Criticism of the EU-Turkey deal also came from the mayors of some of the EU’s largest cities, who are at the forefront when it comes to dealing with the massive influx of refugees.

A group of mayors met on Tuesday (5 April) with Crețu and other senior EU officials from the Commission.

Colombe Brossel, the vice-mayor of Paris, told EURACTIV that the agreement “is not a good solution either in terms of the European values or in terms of the efficiency”.

Ada Colau, the leftist mayor of Barcelona, and a rising star in Spanish politics, said she disliked the EU-Turkey agreement, adding that “Europe will be lost if it tries to shield itself out of fear for those in need of asylum.”

“Europe is in danger because of the policies it is implementing,” she stressed.

But not all the mayors shared the same opinion.
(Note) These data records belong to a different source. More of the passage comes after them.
Lemma RInt_cos_int (r : R) (z : Z) : r = IZR z ->
  RInt (fun t => cos (r * t)) 0 (2 * PI) = if Z.eq_dec z 0 then 2 * PI else 0.
Proof.
  intros ->. destruct (Z.eq_dec z 0) as [->|Hz].
  - rewrite (RInt_ext_R _ (fun _ => 1)) by (intros; rewrite Rmult_0_l, cos_0; reflexivity).
    rewrite (RInt_const (V := R_CompleteNormedModule)). unfold scal; simpl; unfold mult; simpl. ring.
  - assert (Hz' : IZR z <> 0) by (apply not_0_IZR, Hz).
    apply is_RInt_unique.
    replace 0 with ((sin (IZR z * (2 * PI)) - sin (IZR z * 0)) / IZR z) at 2 by
      (rewrite Rmult_0_r, sin_0, sin_eq_0_1; [field; exact Hz'|];
       exists (2 * z)%Z; rewrite mult_IZR; simpl; ring).
    apply is_RInt_cos_mul, Hz'.
Qed.

Lemma cos_mul_cos_sq_mul_cos x y z : cos x * cos y * cos y * cos z =
  / 8 * (cos (x + y + y + z) + cos (x + y + y - z) + 2 * cos (x + z) + 2 * cos (x - z)
         + cos (x - y - y + z) + cos (x - y - y - z)).
Proof.
  assert (Hprod : forall u v, cos u * cos v = (cos (u + v) + cos (u - v)) / 2)
    by (intros; rewrite cos_plus, cos_minus; field).
  rewrite (Hprod x y).
  replace ((cos (x + y) + cos (x - y)) / 2 * cos y * cos z) with
    ((cos (x + y) * cos y + cos (x - y) * cos y) / 2 * cos z) by field.
  rewrite (Hprod (x + y) y), (Hprod (x - y) y).
  replace (x + y - y) with x by ring. replace (x - y + y) with x by ring.
  replace ((((cos (x + y + y) + cos x) / 2 + (cos x + cos (x - y - y)) / 2) / 2) * cos z) with
    ((cos (x + y + y) * cos z + 2 * (cos x * cos z) + cos (x - y - y) * cos z) / 4) by field.
  rewrite (Hprod (x + y + y) z), (Hprod x z), (Hprod (x - y - y) z). field.
Qed.

Lemma cos4_integral_value n g m : cos4_integral n g g m =
  PI / 4 * (2 * kdelta n m + kdelta (n + m) (2 * g) + kdelta n (m + 2 * g + 2) + kdelta m (n + 2 * g + 2)).
Proof.
  unfold cos4_integral, cos4. set (b := omega n). set (a := omega g). set (c := omega m).
  rewrite (RInt_ext_R _ (fun t => / 8 * (cos ((b + a + a + c) * t) + cos ((b + a + a - c) * t)
       + 2 * cos ((b + c) * t) + 2 * cos ((b - c) * t) + cos ((b - a - a + c) * t) + cos ((b - a - a - c) * t)))).
  2:{ intros t _. repeat (rewrite Rmult_plus_distr_r || rewrite Rmult_minus_distr_r). apply cos_mul_cos_sq_mul_cos. }
  repeat match goal with
  | |- context [RInt ?F ?lo ?hi] =>
      lazymatch F with
      | fun t => ?d * @?f t => rewrite (RInt_scal f)
      | fun t => @?f t + @?g t => rewrite (RInt_plus f g)
      end; try (apply ex_RInt_continuous_R; intros; continuity_R)
  end.
  set (zn := Z.of_nat n). set (zg := Z.of_nat g). set (zm := Z.of_nat m).
  assert (Eb : b = IZR (zn + 1)) by (unfold b, omega, zn; rewrite plus_IZR, <- INR_IZR_INZ; reflexivity).
  assert (Ea : a = IZR (zg + 1)) by (unfold a, omega, zg; rewrite plus_IZR, <- INR_IZR_INZ; reflexivity).
  assert (Ec : c = IZR (zm + 1)) by (unfold c, omega, zm; rewrite plus_IZR, <- INR_IZR_INZ; reflexivity).
  rewrite (RInt_cos_int _ ((zn + 1) + (zg + 1) + (zg + 1) + (zm + 1))),
    (RInt_cos_int _ ((zn + 1) + (zg + 1) + (zg + 1) - (zm + 1))),
    (RInt_cos_int _ ((zn + 1) + (zm + 1))), (RInt_cos_int _ ((zn + 1) - (zm + 1))),
    (RInt_cos_int _ ((zn + 1) - (zg + 1) - (zg + 1) + (zm + 1))),
    (RInt_cos_int _ ((zn + 1) - (zg + 1) - (zg + 1) - (zm + 1)))
    by (rewrite Eb, ?Ea, Ec, ?plus_IZR, ?minus_IZR, ?plus_IZR; ring).
  unfold zn, zg, zm, kdelta, scal, plus; simpl; unfold mult; simpl.
  repeat match goal with |- context [Z.eq_dec ?z 0] => destruct (Z.eq_dec z 0) end;
  repeat match goal with |- context [Nat.eqb ?x ?y] => destruct (Nat.eqb_spec x y) end;
  try lia; field.
Qed.

Lemma Series_abs_le (a M : nat -> R) :
  (forall n, Rabs (a n) <= M n) -> ex_series M -> Rabs (Series a) <= Series M.
Proof.
  intros Ha HM.
  assert (Habs : ex_series (fun n => Rabs (a n)))
    by (apply (ex_series_le (V := R_CompleteNormedModule) _ M);
        [intros n; rewrite Rabs_Rabsolu; apply Ha | exact HM]).
  eapply Rle_trans; [apply Series_Rabs, Habs|].
  apply Series_le; [intros n; split; [apply Rabs_pos | apply Ha] | exact HM].
Qed.

Lemma Series_tail_abs_le (a M : nat -> R) N :
  (forall n, Rabs (a n) <= M n) -> ex_series M ->
  Rabs (Series a - sum_n a N) <= Series M - sum_n M N.
Proof.
  intros Ha HM.
  assert (Hex : ex_series a) by (apply (ex_series_le (V := R_CompleteNormedModule) a M); auto).
  assert (Htail : forall b, ex_series b -> Series b - sum_n b N = Series (fun k => b (S N + k)%nat)).
  { intros b Hb. rewrite (Series_incr_n b (S N)) by (auto; lia). simpl pred. rewrite sum_n_Reals. ring. }
  rewrite !Htail by auto. apply Series_abs_le; [auto|].
  apply (ex_series_incr_n M (S N)), HM.
Qed.

Lemma Series_tail_small (M : nat -> R) : ex_series M ->
  forall eps, 0 < eps -> exists N0, forall N, (N0 <= N)%nat -> Series M - sum_n M N < eps.
Proof.
  intros HM eps Heps.
  destruct (Series_correct M HM (ball (Series M) eps)) as [N0 HN0]; [exists (mkposreal eps Heps); auto|].
  exists N0. intros N HN. specialize (HN0 N HN).
  apply (Rabs_def2 (sum_n M N - Series M)) in HN0. lra.
Qed.

Lemma is_RInt_sum_n (f : nat -> R -> R) (I : nat -> R) a b N :
  (forall n, is_RInt (f n) a b (I n)) -> is_RInt (fun t => sum_n (fun n => f n t) N) a b (sum_n I N).
Proof.
  intros Hf. induction N as [|N IH].
  - rewrite sum_O. apply (is_RInt_ext (f 0%nat)); [intros; rewrite sum_O; reflexivity | apply Hf].
  - rewrite sum_Sn. apply (is_RInt_ext (fun t => plus (sum_n (fun n => f n t) N) (f (S N) t))).
    + intros; rewrite sum_Sn; reflexivity.
    + apply (is_RInt_plus (V := R_CompleteNormedModule)); auto.
Qed.

Lemma is_RInt_Series (f : nat -> R -> R) (M I : nat -> R) a b :
  (forall n, is_RInt (f n) a b (I n)) ->
  (forall n t, Rabs (f n t) <= M n) -> ex_series M ->
  is_RInt (fun t => Series (fun n => f n t)) a b (Series I).
Proof.
  intros HI HB HM.
  assert (Hunif : filterlim (fun N t => sum_n (fun n => f n t) N) eventually
             (locally (T := fct_UniformSpace R R_UniformSpace) (fun t => Series (fun n => f n t)))).
  { intros P [eps HP]. destruct (Series_tail_small M HM eps (cond_pos eps)) as [N0 HN0].
    exists N0. intros N HN. apply HP. intros t.
    pose proof (Series_tail_abs_le (fun n => f n t) M N (fun n => HB n t) HM) as Htail.
    specialize (HN0 N HN).
    change (Rabs (sum_n (fun n => f n t) N - Series (fun n => f n t)) < eps).
    rewrite Rabs_minus_sym. lra. }
  destruct (filterlim_RInt (V := R_CompleteNormedModule) _ a b eventually eventually_filter _
     (fun N => sum_n I N) (fun N => is_RInt_sum_n f I a b N HI) Hunif) as [If [Hlim HIf]].
  replace (Series I) with If; [exact HIf|].
  symmetry. apply is_series_unique, Hlim.
Qed.

Lemma sum_n_single (f : nat -> R) p N : (forall k, k <> p -> f k = 0) ->
  sum_n f N = if Nat.leb p N then f p else 0.
Proof.
  intros Hf. induction N as [|N IH].
  - rewrite sum_O. destruct p; simpl; [reflexivity|]. apply Hf. lia.
  - rewrite sum_Sn, IH. unfold plus; simpl.
    destruct (Nat.leb_spec p N), (Nat.leb_spec p (S N)); try lia.
    + rewrite (Hf (S N)) by lia. ring.
    + replace p with (S N) by lia. ring.
    + rewrite (Hf (S N)) by lia. ring.
Qed.

Lemma is_series_single (f : nat -> R) p : (forall k, k <> p -> f k = 0) -> is_series f (f p).
Proof.
  intros Hf P [eps HP]. exists p. intros N HN.
  change (P (@sum_n R_AbelianMonoid f N)). rewrite (sum_n_single f p N Hf).
  destruct (Nat.leb_spec p N); [|lia]. apply HP, ball_center.
Qed.

Lemma Series_single (f : nat -> R) p : (forall k, k <> p -> f k = 0) -> Series f = f p.
Proof. intros Hf. apply is_series_unique, is_series_single, Hf. Qed.

Lemma ex_series_single (f : nat -> R) p : (forall k, k <> p -> f k = 0) -> ex_series f.
Proof. intros Hf. exists (f p). apply is_series_single, Hf. Qed.

Lemma is_series_two (f : nat -> R) p q : p <> q ->
  (forall n, n <> p -> n <> q -> f n = 0) -> is_series f (f p + f q).
Proof.
  intros Hpq Hf.
  set (fp := fun n => if Nat.eqb n p then f p else 0).
  set (fq := fun n => if Nat.eqb n q then f q else 0).
  assert (Hsingle : forall r k, k <> r -> (if Nat.eqb k r then f r else 0) = 0)
    by (intros r k Hk; apply Nat.eqb_neq in Hk; rewrite Hk; reflexivity).
  assert (Hsplit : forall n, fp n + fq n = f n).
  { intros n. unfold fp, fq.
    destruct (Nat.eqb_spec n p), (Nat.eqb_spec n q); subst; try lia; try ring.
    rewrite (Hf n) by auto. ring. }
  apply (is_series_ext (fun n => fp n + fq n)); [exact Hsplit|].
  replace (f p) with (fp p) by (unfold fp; rewrite Nat.eqb_refl; reflexivity).
  replace (f q) with (fq q) by (unfold fq; rewrite Nat.eqb_refl; reflexivity).
  apply (is_series_plus (V := R_NormedModule)); apply is_series_single; intros; apply Hsingle; auto.
Qed.

Lemma Series_two (f : nat -> R) p q : p <> q ->
  (forall n, n <> p -> n <> q -> f n = 0) -> Series f = f p + f q.
Proof. intros Hpq Hf. apply is_series_unique, is_series_two; auto. Qed.

Lemma ex_series_two (f : nat -> R) p q : (forall n, n <> p -> n <> q -> f n = 0) -> ex_series f.
Proof.
  intros Hf. destruct (Nat.eq_dec p q) as [<-|Hpq].
  - apply (ex_series_single _ p). intros k Hk. apply Hf; auto.
  - exists (f p + f q). apply is_series_two; auto.
Qed.

Definition Series3 (F : nat -> nat -> nat -> R) : R :=
  Series (fun i => Series (fun j => Series (fun k => F i j k))).

Definition tri_dominated (B : nat -> R) (F : nat -> nat -> nat -> R) : Prop :=
  exists c, 0 <= c /\ forall i j k, Rabs (F i j k) <= c * B i * B j * B k.

Section TriDominated.

Variable B : nat -> R.
Hypothesis B_ge0 : forall n, 0 <= B n.
Hypothesis B_summable : ex_series B.

Lemma ex_series_scal_B c : ex_series (fun n => c * B n).
Proof. apply (ex_series_scal_l (V := R_NormedModule) c B), B_summable. Qed.

Lemma tri_dominated_ex_series F : tri_dominated B F ->
  (forall i j, ex_series (F i j)) /\
  (forall i, ex_series (fun j => Series (F i j))) /\
  ex_series (fun i => Series (fun j => Series (F i j))).
Proof.
  intros [c [Hc HF]].
  assert (Hin : forall i j, Rabs (Series (F i j)) <= (c * B i * Series B) * B j).
  { intros i j. replace ((c * B i * Series B) * B j) with ((c * B i * B j) * Series B) by ring.
    rewrite <- Series_scal_l. apply Series_abs_le; [intros k; apply HF | apply ex_series_scal_B]. }
  assert (Hmid : forall i, Rabs (Series (fun j => Series (F i j))) <= (c * Series B * Series B) * B i).
  { intros i. replace ((c * Series B * Series B) * B i) with ((c * B i * Series B) * Series B) by ring.
    rewrite <- Series_scal_l. apply Series_abs_le; [apply Hin | apply ex_series_scal_B]. }
  split; [|split].
  - intros i j. apply (ex_series_le (V := R_CompleteNormedModule) _ (fun k => (c * B i * B j) * B k));
      [apply HF | apply ex_series_scal_B].
  - intros i. apply (ex_series_le (V := R_CompleteNormedModule) _ _ (Hin i)), ex_series_scal_B.
  - apply (ex_series_le (V := R_CompleteNormedModule) _ _ Hmid), ex_series_scal_B.
Qed.

Lemma tri_dominated_plus F G :
  tri_dominated B F -> tri_dominated B G -> tri_dominated B (fun i j k => F i j k + G i j k).
Proof.
  intros [c1 [Hc1 H1]] [c2 [Hc2 H2]]. exists (c1 + c2). split; [lra|].
  intros i j k. eapply Rle_trans; [apply Rabs_triang|].
  specialize (H1 i j k). specialize (H2 i j k).
  assert (0 <= B i * B j * B k) by (repeat apply Rmult_le_pos; auto). nra.
Qed.

Lemma tri_dominated_scal c F : tri_dominated B F -> tri_dominated B (fun i j k => c * F i j k).
Proof.
  intros [c1 [Hc1 H1]]. exists (Rabs c * c1). split; [apply Rmult_le_pos; [apply Rabs_pos | exact Hc1]|].
  intros i j k. rewrite Rabs_mult, !Rmult_assoc. apply Rmult_le_compat_l; [apply Rabs_pos|].
  rewrite <- !Rmult_assoc. apply H1.
Qed.

Lemma Series3_plus F G : tri_dominated B F -> tri_dominated B G ->
  Series3 (fun i j k => F i j k + G i j k) = Series3 F + Series3 G.
Proof.
  intros HF HG.
  destruct (tri_dominated_ex_series F HF) as [F1 [F2 F3]].
  destruct (tri_dominated_ex_series G HG) as [G1 [G2 G3]].
  unfold Series3. rewrite <- Series_plus by auto. apply Series_ext. intros i.
  rewrite <- Series_plus by auto. apply Series_ext. intros j.
  apply Series_plus; auto.
Qed.

End TriDominated.

Lemma Series3_scal c F : Series3 (fun i j k => c * F i j k) = c * Series3 F.
Proof.
  unfold Series3. rewrite <- Series_scal_l. apply Series_ext. intros i.
  rewrite <- Series_scal_l. apply Series_ext. intros j. apply Series_scal_l.
Qed.

Lemma Series3_ext F G : (forall i j k, F i j k = G i j k) -> Series3 F = Series3 G.
Proof.
  intros H. unfold Series3.
  apply Series_ext; intros i. apply Series_ext; intros j. apply Series_ext; intros k. apply H.
Qed.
The Mayor of Amsterdam, Eberhard van der Laan, said the agreement was a step in the right direction. “We needed it because there was confusion, and our citizens needed to in order to ring some order to the situation,” Laan told EURACTIV.

Mayors also lamented the administrative burdens and lack of access to EU funds to deal with the crisis on the ground. They see the legal status of asylum seekers as an “important challenge” because it hinders local authorities from providing them with basic services like healthcare from day one.